[Start of section]

(* Let $\ell,\beta,m,s>0$ and $d_{11},d_{22},d_{21},\xi\ge 0$, and consider the Holling–Tanner system with spatial memory and predator-taxis \[ \begin{aligned} u_t&=d_{11}u_{xx}+\xi\,(u\,v_x)_x+u(1-\beta u)-\frac{muv}{1+u},\\ v_t&=d_{22}v_{xx}-d_{21}\,\big(v(x,t)\,u_x(x,t-\tau)\big)_x+sv\Big(1-\frac{v}{u}\Big), \end{aligned}\qquad x\in(0,\ell\pi),\ t>0, \] with homogeneous Neumann boundary conditions $u_x=v_x=0$ at $x=0,\ell\pi$ and memory delay $\tau\ge0$. Let $E_*=(u_*,v_* )$, the quantities $a_{ij}$, $T_n$, $J_n$, $K_n$, $P_n$, $Q_n$, $n_1,n_2$, $\omega_n$, $\tau_{n,j}$ be as defined in the context. Suppose that $d_{11}d_{22}-d_{21}\xi u_*v_*>0$, that condition $a_{11}<0$ holds, and that \[ \operatorname{Det}(A)>0,\quad \widetilde A_1>0,\quad \widetilde A_1^2-4\widetilde A_2\operatorname{Det}(A)>0 . \] Let $n\in\mathbb{N}$ with $n_1<n<n_2$ and $j\in\mathbb{N}_0$, and let $\lambda(\tau)$ be the root of the characteristic equation \[ \lambda^2-T_n\lambda+\widetilde J_n(\tau)=0,\qquad \widetilde J_n(\tau)=\big(d_{11}d_{22}+d_{21}\xi u_*v_*e^{-\lambda\tau}\big)\frac{n^4}{\ell^4}-\big(d_{11}a_{22}+d_{22}a_{11}-a_{21}\xi u_*+d_{21}v_*a_{12}e^{-\lambda\tau}\big)\frac{n^2}{\ell^2}+\operatorname{Det}(A), \] depending smoothly on $\tau$ near $\tau_{n,j}$ with $\lambda(\tau_{n,j})=i\omega_n$. Then \[ \left.\frac{d\,\operatorname{Re}\lambda(\tau)}{d\tau}\right|_{\tau=\tau_{n,j}}>0 . \]
   Context: Definitions: $u_*=v_*=\frac{1}{2\beta}\big(\sqrt{R^2+4\beta}-R\big)$ with $R=\beta+m-1$ (the positive constant steady state). $a_{11}=1-2\beta u_*-\frac{mu_*}{(1+u_* )^2}$, $a_{12}=-\frac{mu_*}{1+u_*}$, $a_{21}=s$, $a_{22}=-s$; $A=(a_{ij})$, $\operatorname{Det}(A)=a_{11}a_{22}-a_{12}a_{21}$. For $n\in\mathbb{N}_0$: $T_n=a_{11}+a_{22}-(d_{11}+d_{22})\frac{n^2}{\ell^2}$; $J_n=d_{11}d_{22}\frac{n^4}{\ell^4}-(d_{11}a_{22}+d_{22}a_{11}-a_{21}\xi u_* )\frac{n^2}{\ell^2}+\operatorname{Det}(A)$; $K_n=d_{21}\xi u_*v_*\frac{n^4}{\ell^4}-d_{21}v_*a_{12}\frac{n^2}{\ell^2}$; $P_n=T_n^2-2J_n$; $Q_n=(J_n+K_n)(J_n-K_n)$. Further $\widetilde A_1=d_{11}a_{22}+d_{22}a_{11}-a_{21}\xi u_*-d_{21}v_*a_{12}$, $\widetilde A_2=d_{11}d_{22}-d_{21}\xi u_*v_*$, $\widetilde A_3=\widetilde A_1^2-4\widetilde A_2\operatorname{Det}(A)$, $\widetilde x_{1,2}=\frac{\widetilde A_1\mp\sqrt{\widetilde A_3}}{2\widetilde A_2}$, $n_1=\ell\sqrt{\widetilde x_1}$, $n_2=\ell\sqrt{\widetilde x_2}$. For $n_1<n<n_2$: $\omega_n=\sqrt{\frac{-P_n+\sqrt{P_n^2-4Q_n}}{2}}$ and $\tau_{n,j}=\frac{1}{\omega_n}\Big(\arccos\frac{\omega_n^2-J_n}{K_n}+2j\pi\Big)$, $j\in\mathbb{N}_0$. *)

From Stdlib Require Import Reals.
From Coquelicot Require Import Coquelicot.
Open Scope R_scope.

Definition cexp (z : C) : C :=
  (exp (Re z) * cos (Im z), exp (Re z) * sin (Im z)).

Section HT.
Variables (ell beta m s d11 d22 d21 xi : R).

Definition Rr : R := beta + m - 1.
Definition ustar : R := (sqrt (Rr ^ 2 + 4 * beta) - Rr) / (2 * beta).
Definition vstar : R := ustar.

Definition a11 : R := 1 - 2 * beta * ustar - m * ustar / (1 + ustar) ^ 2.
Definition a12 : R := - (m * ustar / (1 + ustar)).
Definition a21 : R := s.
Definition a22 : R := - s.
Definition DetA : R := a11 * a22 - a12 * a21.

Definition T_ (n : nat) : R := a11 + a22 - (d11 + d22) * (INR n ^ 2 / ell ^ 2).
Definition J_ (n : nat) : R :=
  d11 * d22 * (INR n ^ 4 / ell ^ 4)
  - (d11 * a22 + d22 * a11 - a21 * xi * ustar) * (INR n ^ 2 / ell ^ 2) + DetA.
Definition K_ (n : nat) : R :=
  d21 * xi * ustar * vstar * (INR n ^ 4 / ell ^ 4)
  - d21 * vstar * a12 * (INR n ^ 2 / ell ^ 2).
Definition P_ (n : nat) : R := T_ n ^ 2 - 2 * J_ n.
Definition Q_ (n : nat) : R := (J_ n + K_ n) * (J_ n - K_ n).

Definition At1 : R := d11 * a22 + d22 * a11 - a21 * xi * ustar - d21 * vstar * a12.
Definition At2 : R := d11 * d22 - d21 * xi * ustar * vstar.
Definition At3 : R := At1 ^ 2 - 4 * At2 * DetA.
Definition xt1 : R := (At1 - sqrt At3) / (2 * At2).
Definition xt2 : R := (At1 + sqrt At3) / (2 * At2).
Definition n1 : R := ell * sqrt xt1.
Definition n2 : R := ell * sqrt xt2.

Definition omega_ (n : nat) : R :=
  sqrt ((- P_ n + sqrt (P_ n ^ 2 - 4 * Q_ n)) / 2).
Definition tau_ (n j : nat) : R :=
  / omega_ n * (acos ((omega_ n ^ 2 - J_ n) / K_ n) + 2 * INR j * PI).

Definition Jt_ (n : nat) (lam : C) (tau : R) : C :=
  (RtoC (d11 * d22) + RtoC (d21 * xi * ustar * vstar) * cexp (- lam * RtoC tau))
    * RtoC (INR n ^ 4 / ell ^ 4)
  - (RtoC (d11 * a22 + d22 * a11 - a21 * xi * ustar)
     + RtoC (d21 * vstar * a12) * cexp (- lam * RtoC tau)) * RtoC (INR n ^ 2 / ell ^ 2)
  + RtoC DetA.

Definition charF (n : nat) (lam : C) (tau : R) : C :=
  lam * lam - RtoC (T_ n) * lam + Jt_ n lam tau.
End HT.

From Stdlib Require Import Reals Lra.
From Coquelicot Require Import Coquelicot.
Open Scope R_scope.

(* Write λ = X + iY.  Differentiating the real and imaginary parts of
   λ² − T λ + J + K e^{−λτ} = 0 at τ₀, where X = 0 and Y = ω, gives a linear
   system for (X', Y') with matrix [[a, −b], [b, a]]; Cramer's rule yields
   X'(τ₀) (a² + b²) = ω² (T² + 2ω² − 2J) = ω² √(P² − 4Q).  The sign is thus
   independent of τ₀, hence of j, and positive as soon as Q < 0, which follows
   from J + K > 0 and J − K = Ã₂ x² − Ã₁ x + Det(A) < 0 for x = n²/ℓ² strictly
   between the roots x̃₁ < x̃₂. *)

Section Crossing.

Variables T J K : R.

Definition char_re (x y t : R) : R :=
  x * x - y * y - T * x + J + K * exp (- (x * t)) * cos (- (y * t)).

Definition char_im (x y t : R) : R :=
  2 * x * y - T * y + K * exp (- (x * t)) * sin (- (y * t)).

Lemma is_derive_locally_zero (f : R -> R) (t0 delta : R) :
  0 < delta -> (forall t, Rabs (t - t0) < delta -> f t = 0) -> is_derive f t0 0.
Proof.
  intros Hdelta Hf.
  apply (is_derive_ext_loc (fun _ => 0)).
  - exists (mkposreal delta Hdelta). intros t Ht. symmetry. now apply Hf.
  - exact (is_derive_const (K := R_AbsRing) (V := R_NormedModule) 0 t0).
Qed.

[End of section]

Locate the word "apply" in the records and collect each line it appears in.

  apply (is_derive_ext_loc (fun _ => 0)).
  - exists (mkposreal delta Hdelta). intros t Ht. symmetry. now apply Hf.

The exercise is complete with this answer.